I’ve done the usual thing and overloaded Env to mean both “a node in the
environment” and “a whole environment”. While one little Env struct only
holds a one name and one value, it also points to the rest of them, eventually
ending with NULL.

This Env will map names (symbols) to stack offsets. This is because we’re
going to continue our strategy of not doing register allocation.

To manipulate this data structure, we will also have two functions1:

Env Env_bind(const char *name, word value, Env *prev);
bool Env_find(Env *env, const char *key, word *result);

Env_bind creates a new node from the given name and value, borrowing a
reference to the name, and prepends it to prev. Instead of returning an
Env*, it returns a whole struct. We’ll learn more about why later, but the
“TL;DR” is that I think it requires less manual cleanup.

Env_find takes an Env* and searches through the linked list for a name
matching the given key. If it finds a match, it returns true and stores the
value in *result. Otherwise, it returns false.

We can stop at the first match because Lisp allows name shadowing. Shadowing
occurs when a binding at a inner scope has the same name as a binding at an
outer scope. The inner binding takes precedence:

(let ((a 1))
  (let ((a 2))
    a))
; => 2

Let’s learn about how these functions are implemented.

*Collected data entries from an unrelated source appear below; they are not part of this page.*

(* Let $\Gamma,\Delta$ be finitely generated groups acting continuously on compact metric spaces $Y$ and $X$ respectively, where $Y$ is connected, the action $\Gamma\curvearrowright Y$ has at least one free orbit, and the action $\Delta\curvearrowright X$ is free. Let $f:Y\to X$ be a continuous map inducing a quasi-isometry of warped cones, i.e. there are an index set $I$, maps $I\ni i\mapsto t_i\in(0,\infty)$ and $I\ni i\mapsto \tau_i\in(0,\infty)$ that are both surjective onto $(0,\infty)$, and constants $C\ge1$, $A\ge0$ such that for every $i\in I$ the map $f:(t_iY,d_\Gamma)\to(\tau_iX,d_\Delta)$ satisfies $C^{-1}d_\Gamma(y,y')-A\le d_\Delta(f(y),f(y'))\le Cd_\Gamma(y,y')+A$ for all $y,y'$ and the $A$-neighbourhood of $f(Y)$ in $(\tau_iX,d_\Delta)$ is all of $\tau_iX$. Let $\Delta'=\{\delta\in\Delta:\delta\,\mathrm{im}(f)=\mathrm{im}(f)\}$. Then: (1) $\Delta'$ has finite index in $\Delta$ and there is a short exact sequence $1\to F\to\Gamma\to\Delta'\to1$ with $F$ finite; (2) there is a homeomorphism $h:\mathrm{im}(f)\to Y/F$ such that the quotient map $q:Y\to Y/F$ equals $h\circ f$, and $h$ conjugates the actions $\Delta'\curvearrowright\mathrm{im}(f)$ and $\Gamma/F\curvearrowright Y/F$; (3) $\mathrm{im}(f)$ is one of $[\Delta:\Delta']$ many connected components of $X$, and $\Delta$ acts transitively on them. In particular, if $f$ is a homeomorphism, then $\Gamma$ and $\Delta$ are isomorphic and the actions are conjugate by $f$.
   Context: $S$ is a fixed finite symmetric generating set of the group, $|\gamma|$ the word length. For a compact metric space $(Y,d)$ with an action of $\Gamma=\langle S\rangle$ and $t>0$, $tY$ denotes $Y$ with metric $td$ and $d_\Gamma$ is the largest metric on $tY$ with $d_\Gamma(y,y')\le t\,d(y,y')$ and $d_\Gamma(y,sy)\le1$ for all $y,y'\in Y$, $s\in S$ (the warped metric). A free orbit is an orbit $\Gamma y$ with trivial stabiliser of $y$. *)

From Stdlib Require List.
From HB Require Import structures.
From mathcomp Require Import all_boot all_order all_algebra.
From mathcomp Require Import boolp classical_sets reals.

Set Implicit Arguments.
Unset Strict Implicit.
Unset Printing Implicit Defensive.

Import Order.TTheory GRing.Theory Num.Theory.
Local Open Scope classical_set_scope.
Local Open Scope ring_scope.

Section Defs.
Variable R : realType.

Definition is_metric (T : Type) (d : T -> T -> R) : Prop :=
  (forall x y, 0 <= d x y) /\
  (forall x y, d x y = 0 <-> x = y) /\
  (forall x y, d x y = d y x) /\
  (forall x y z, d x z <= d x y + d y z).

Definition mopen (T : Type) (d : T -> T -> R) (U : set T) : Prop :=
  forall x, U x -> exists e : R, 0 < e /\ forall y, d x y < e -> U y.

Definition mcontinuous (T U : Type) (dT : T -> T -> R) (dU : U -> U -> R)
  (f : T -> U) : Prop :=
  forall x (e : R), 0 < e -> exists del : R, 0 < del /\
    forall x', dT x x' < del -> dU (f x) (f x') < e.

Definition mcompact (T : Type) (d : T -> T -> R) : Prop :=
  forall (I : Type) (U : I -> set T),
    (forall i, mopen d (U i)) -> (forall x, exists i, U i x) ->
    exists l : list I, forall x, exists i, List.In i l /\ U i x.

Definition mconnected_set (T : Type) (d : T -> T -> R) (A : set T) : Prop :=
  ~ (exists U V : set T, mopen d U /\ mopen d V /\
       (forall x, A x -> U x \/ V x) /\
       (exists x, A x /\ U x) /\ (exists x, A x /\ V x) /\
       (forall x, A x -> U x -> V x -> False)).

Definition mconnected (T : Type) (d : T -> T -> R) : Prop :=
  mconnected_set d setT.

Definition mcomponent (T : Type) (d : T -> T -> R) (C : set T) : Prop :=
  (exists x, C x) /\ mconnected_set d C /\
  (forall C', mconnected_set d C' -> C `<=` C' -> C' = C).

Definition mhomeomorphism (T U : Type) (dT : T -> T -> R) (dU : U -> U -> R)
  (f : T -> U) : Prop :=
  exists g : U -> T, cancel f g /\ cancel g f /\
    mcontinuous dT dU f /\ mcontinuous dU dT g.

Definition warp_admissible (G : groupType) (T : Type) (act : G -> T -> T)
  (S : seq G) (d : T -> T -> R) (t : R) (D : T -> T -> R) : Prop :=
  is_metric D /\ (forall y y', D y y' <= t * d y y') /\
  (forall y s, s \in S -> D y (act s y) <= 1).

(* d_Gamma on tY : the largest admissible metric, i.e. the pointwise
   supremum of the admissible metrics *)
Definition warped_dist (G : groupType) (T : Type) (act : G -> T -> T)
  (S : seq G) (d : T -> T -> R) (t : R) (y y' : T) : R :=
  sup [set r : R | exists D, warp_admissible act S d t D /\ r = D y y'].

End Defs.

Definition is_action (G : groupType) (T : Type) (act : G -> T -> T) : Prop :=
  (forall x, act 1%g x = x) /\
  (forall g h x, act (g * h)%g x = act g (act h x)).

Definition free_orbit_at (G : groupType) (T : Type) (act : G -> T -> T)
  (y : T) : Prop := forall g, act g y = y -> g = 1%g.

Definition free_action (G : groupType) (T : Type) (act : G -> T -> T) : Prop :=
  forall y, free_orbit_at act y.

Definition sym_gen_set (G : groupType) (S : seq G) : Prop :=
  (forall s, s \in S -> (s^-1)%g \in S) /\
  (forall g : G, exists l : seq G, all (fun s => s \in S) l /\
      g = foldr (fun a b => (a * b)%g) 1%g l).

Definition group_hom (G H : groupType) (phi : G -> H) : Prop :=
  forall g h, phi (g * h)%g = (phi g * phi h)%g.

Definition has_card (T : Type) (A : set T) (n : nat) : Prop :=
  exists e : 'I_n -> T, injective e /\ range e = A.

Definition left_cosets (G : groupType) (H : set G) : set (set G) :=
  [set [set (g * h)%g | h in H] | g in setT].

(* orbit space of the restriction of act to F: points are F-orbits *)
Definition orbit_space (G : groupType) (T : Type) (act : G -> T -> T)
  (F : set G) : Type :=
  {S : set T | exists y, S = [set act g y | g in F]}.

Definition orbit_proj (G : groupType) (T : Type) (act : G -> T -> T)
  (F : set G) (y : T) : orbit_space act F :=
  exist _ [set act g y | g in F] (ex_intro _ y erefl).

Definition quotient_open (T Q : Type) (openT : set T -> Prop) (q : T -> Q)
  (V : set Q) : Prop := openT (q @^-1` V).

Definition subspace_open (T : Type) (openT : set T -> Prop) (P : set T)
  (V : set {x : T | P x}) : Prop :=
  exists U, openT U /\ forall z : {x : T | P x}, V z <-> U (proj1_sig z).

Definition homeomorphism (A B : Type) (openA : set A -> Prop)
  (openB : set B -> Prop) (h : A -> B) : Prop :=
  bijective h /\ (forall V, openB V -> openA (h @^-1` V)) /\
  (forall U, openA U -> openB (h @` U)).

Arguments subspace_open {T} openT P V.
Arguments orbit_space {G T} act F.
Arguments orbit_proj {G T} act F y.
Arguments quotient_open {T Q} openT q V.
Arguments homeomorphism {A B} openA openB h.
Arguments warped_dist {R G T} act S d t y y'.
Arguments left_cosets {G} H _.
Arguments has_card {T} A n.

From mathcomp Require Import all_boot all_order all_algebra.
From mathcomp Require Import boolp classical_sets reals.
From mathcomp Require Import lra.

Set Implicit Arguments.
Unset Strict Implicit.
Unset Printing Implicit Defensive.

Import Order.TTheory GRing.Theory Num.Theory.
Local Open Scope classical_set_scope.
Local Open Scope ring_scope.

(* As the scale t grows, the warped metric on tY only sees the action: if a
   closed set stays within warped distance K of y at every scale, then a word
   of length about K in the generators moves y into it.  Since f is a coarse
   equivalence at all scales with the same constants, for each generator s of
   Gamma we get f (s y) = delta f(y) with delta in a finite list; the sets of
   y on which a given delta works are closed and disjoint, so by connectedness
   of Y a single delta = phi(s) works everywhere, and freeness of the
   Delta-action makes phi a homomorphism.  The same word bound shows that f
   identifies exactly the orbits of the finite kernel of phi, and that X is
   covered by finitely many Delta-translates of the compact connected set
   im f.  These translates are clopen, hence they are the components of X,
   permuted transitively by Delta and indexed by the cosets of phi(Gamma), the
   stabiliser of im f. *)

(** * Metric topology *)

Section MetricTopology.
Variable R : realType.

Definition mclosed T (d : T -> T -> R) (Z : set T) : Prop :=
  forall p, ~ Z p -> exists e : R, 0 < e /\ forall z, d p z < e -> ~ Z z.

Lemma mdist_gt0 T (d : T -> T -> R) x y : is_metric d -> x <> y -> 0 < d x y.
Proof.
by move=> [d0 [deq _]] nxy; rewrite lt_neqAle d0 andbT eq_sym; apply/eqP => /deq.
Qed.

Lemma list_common_radius (I : Type) (l : list I) (Q : I -> R -> Prop) :
  (forall i e e', 0 < e' -> e' <= e -> Q i e -> Q i e') ->
  (forall i, List.In i l -> exists e, 0 < e /\ Q i e) ->
  exists e : R, 0 < e /\ forall i, List.In i l -> Q i e.
Proof.
move=> Qmon; elim: l => [|a l IH] H; first by exists 1; split => // i [].
have [e [e0 He]] := IH (fun i il => H i (or_intror il)).
have [ea [ea0 Qa]] := H a (or_introl erefl).
have m0 : 0 < Num.min e ea by rewrite lt_min e0.
exists (Num.min e ea); split => // i [<-|il].
  by apply: (Qmon _ ea) => //; rewrite ge_min lexx orbT.
by apply: (Qmon _ e) => //; [rewrite ge_min lexx | exact: He].
Qed.

Lemma mopenC T (d : T -> T -> R) Z : mclosed d Z -> mopen d (~` Z).
Proof. by move=> cZ p /cZ [e [e0 He]]; exists e; split => // z /He. Qed.

Lemma mclosedC T (d : T -> T -> R) U : mopen d U -> mclosed d (~` U).
Proof.
by move=> oU p /contrapT /oU [e [e0 He]]; exists e; split => // z /He Uz /(_ Uz).
Qed.

Lemma mclosed_set1 T (d : T -> T -> R) y : is_metric d -> mclosed d [set y].
Proof.
move=> hd p np; exists (d p y); split; first exact: mdist_gt0.
by move=> z + /= E; rewrite E ltxx.
Qed.

Lemma mcontinuous_comp T U W (dT : T -> T -> R) (dU : U -> U -> R)
    (dW : W -> W -> R) f g :
  mcontinuous dT dU f -> mcontinuous dU dW g -> mcontinuous dT dW (g \o f).
Proof.
move=> hf hg x e e0; have [d1 [d10 H1]] := hg (f x) e e0.
have [d2 [d20 H2]] := hf x d1 d10.
by exists d2; split => // y /H2 /H1.
Qed.

Lemma mopen_preimage T U (dT : T -> T -> R) (dU : U -> U -> R) f V :
  mcontinuous dT dU f -> mopen dU V -> mopen dT (f @^-1` V).
Proof.
move=> hf hV x Vx; have [e [e0 He]] := hV _ Vx.
have [del [del0 Hd]] := hf x e e0.
by exists del; split => // y /Hd /He.
Qed.

Lemma mclosed_preimage T U (dT : T -> T -> R) (dU : U -> U -> R) f Z :
  mcontinuous dT dU f -> mclosed dU Z -> mclosed dT (f @^-1` Z).
Proof.
move=> hf cZ; have := mclosedC (mopen_preimage hf (mopenC cZ)).
by rewrite preimage_setC setCK.
Qed.

(* Near each point [y] of [K] the distance from [p] to [f] stays above half
   its value at [y]; with [~` K] these neighbourhoods cover the compact [T],
   and a finite subcover gives a uniform gap. *)
Lemma mclosed_image T U (dT : T -> T -> R) (dU : U -> U -> R) f K :
  is_metric dU -> mcompact dT -> mcontinuous dT dU f -> mclosed dT K ->
  mclosed dU (f @` K).
Proof.
move=> hdU hc hf hK p npK; have [_ [_ [dsym dtr]]] := hdU.
have dpos y : K y -> 0 < dU p (f y).
  by move=> Ky; apply: mdist_gt0 => // E; apply: npK; exists y.
pose UU y : set T :=
  if pselect (K y) then [set y' | dU p (f y) / 2 < dU p (f y')] else ~` K.
have UUo y : mopen dT (UU y).
  rewrite /UU; case: pselect => Ky; last exact: mopenC.
  move=> y' Hy'; set r := dU p (f y') - dU p (f y) / 2.
  have r0 : 0 < r by rewrite subr_gt0.
  have [del [del0 Hd]] := hf y' r r0.
  exists del; split => // z /Hd hz /=.
  have := dtr p (f z) (f y'); rewrite (dsym (f z)) /r in hz *; lra.
have UUcov y : exists i, UU i y.
  exists y; rewrite /UU; case: pselect => Ky //=.
  by rewrite ltr_pdivrMr // ltr_pMr ?ltr1n ?dpos.
have [l Hl] := hc _ UU UUo UUcov.
have [e [e0 He]] : exists e : R,
    0 < e /\ forall y, List.In y l -> K y -> e <= dU p (f y) / 2.
  apply: list_common_radius => [y e e' _ le h /h|y _]; first exact: le_trans.
  have [Ky|nKy] := pselect (K y); last by exists 1.
  by exists (dU p (f y) / 2); split => //; rewrite divr_gt0 ?dpos.
exists e; split => // z hz [y Ky fyz].
have [i [il]] := Hl y; rewrite /UU; case: pselect => Ki //= Ui.
have := lt_le_trans hz (le_trans (He i il Ki) (ltW Ui)).
by rewrite fyz ltxx.
Qed.

Lemma mclosed_eq T U (dT : T -> T -> R) (dU : U -> U -> R) (f g : T -> U) :
  is_metric dU -> mcontinuous dT dU f -> mcontinuous dT dU g ->
  mclosed dT [set z | f z = g z].
Proof.
move=> hdU cf cg p np; have [_ [_ [dsym tr]]] := hdU.
set r := dU (f p) (g p).
have r20 : 0 < r / 2 by rewrite divr_gt0 // mdist_gt0.
have [e1 [e10 H1]] := cf p _ r20; have [e2 [e20 H2]] := cg p _ r20.
exists (Num.min e1 e2); split; first by rewrite lt_min e10.
move=> z; rewrite lt_min => /andP [/H1 h1 /H2 h2] /= E; rewrite E in h1.
have := tr (f p) (g z) (g p); rewrite (dsym (g z)) -/r; lra.
Qed.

Name binding implementation

Env_bind is a little silly looking, but it’s equivalent to prepending a
node onto a chain of linked-list nodes. It returns a struct Env containing
the parameters passed to the function. I opted not to return a heap pointer
(allocated with malloc, etc) so that this can be easily stored in a
stack-allocated variable.

Env Env_bind(const char *name, word value, Env *prev) {
  return (Env){.name = name, .value = value, .prev = prev};
}

Note that we’re prepending, not appending, so that names we add deeper
in a let chain shadow names from outside.

Env_find does a recursive linear search through the linked list nodes. It may
look familiar to you if you’ve already written such a function in your life.

bool Env_find(Env *env, const char *key, word *result) {
  if (env == NULL)
    return false;
  if (strcmp(env->name, key) == 0) {
    *result = env->value;
    return true;
  }
  return Env_find(env->prev, key, result);
}

We search for the node with the string key and return the stack offset associated
with it.

Alright, now we’ve got names and data structures. Let’s implement some name
resolution and name binding.

Compiling name resolution

Up until now, Compile_expr could only compile integers, characters, booleans,
nil, and some primitive call expressions (via Compile_call). Now we’re
going to add a new case: symbols.

When a symbol is compiled, the compiler will look up its stack offset in the
current environment and emit a load. This opcode, Emit_load_reg_indirect, is
very similar to Emit_add_reg_indirect that we implemented for primitive
binary functions.

int Compile_expr(Buffer *buf, ASTNode *node, word stack_index,
                 Env *varenv) {
  // ...
  if (AST_is_symbol(node)) {
    const char *symbol = AST_symbol_cstr(node);
    word value;
    if (Env_find(varenv, symbol, &value)) {
      Emit_load_reg_indirect(buf, /*dst=*/kRax, /*src=*/Ind(kRbp, value));
      return 0;
    }
    return -1;
  }
  assert(0 && "unexpected node type");
}

If the variable is not in the environment, this is a compiler error and we
return -1 to signal that. This is not a tremendously helpful signal. Maybe
soon we will add more helpful error messages.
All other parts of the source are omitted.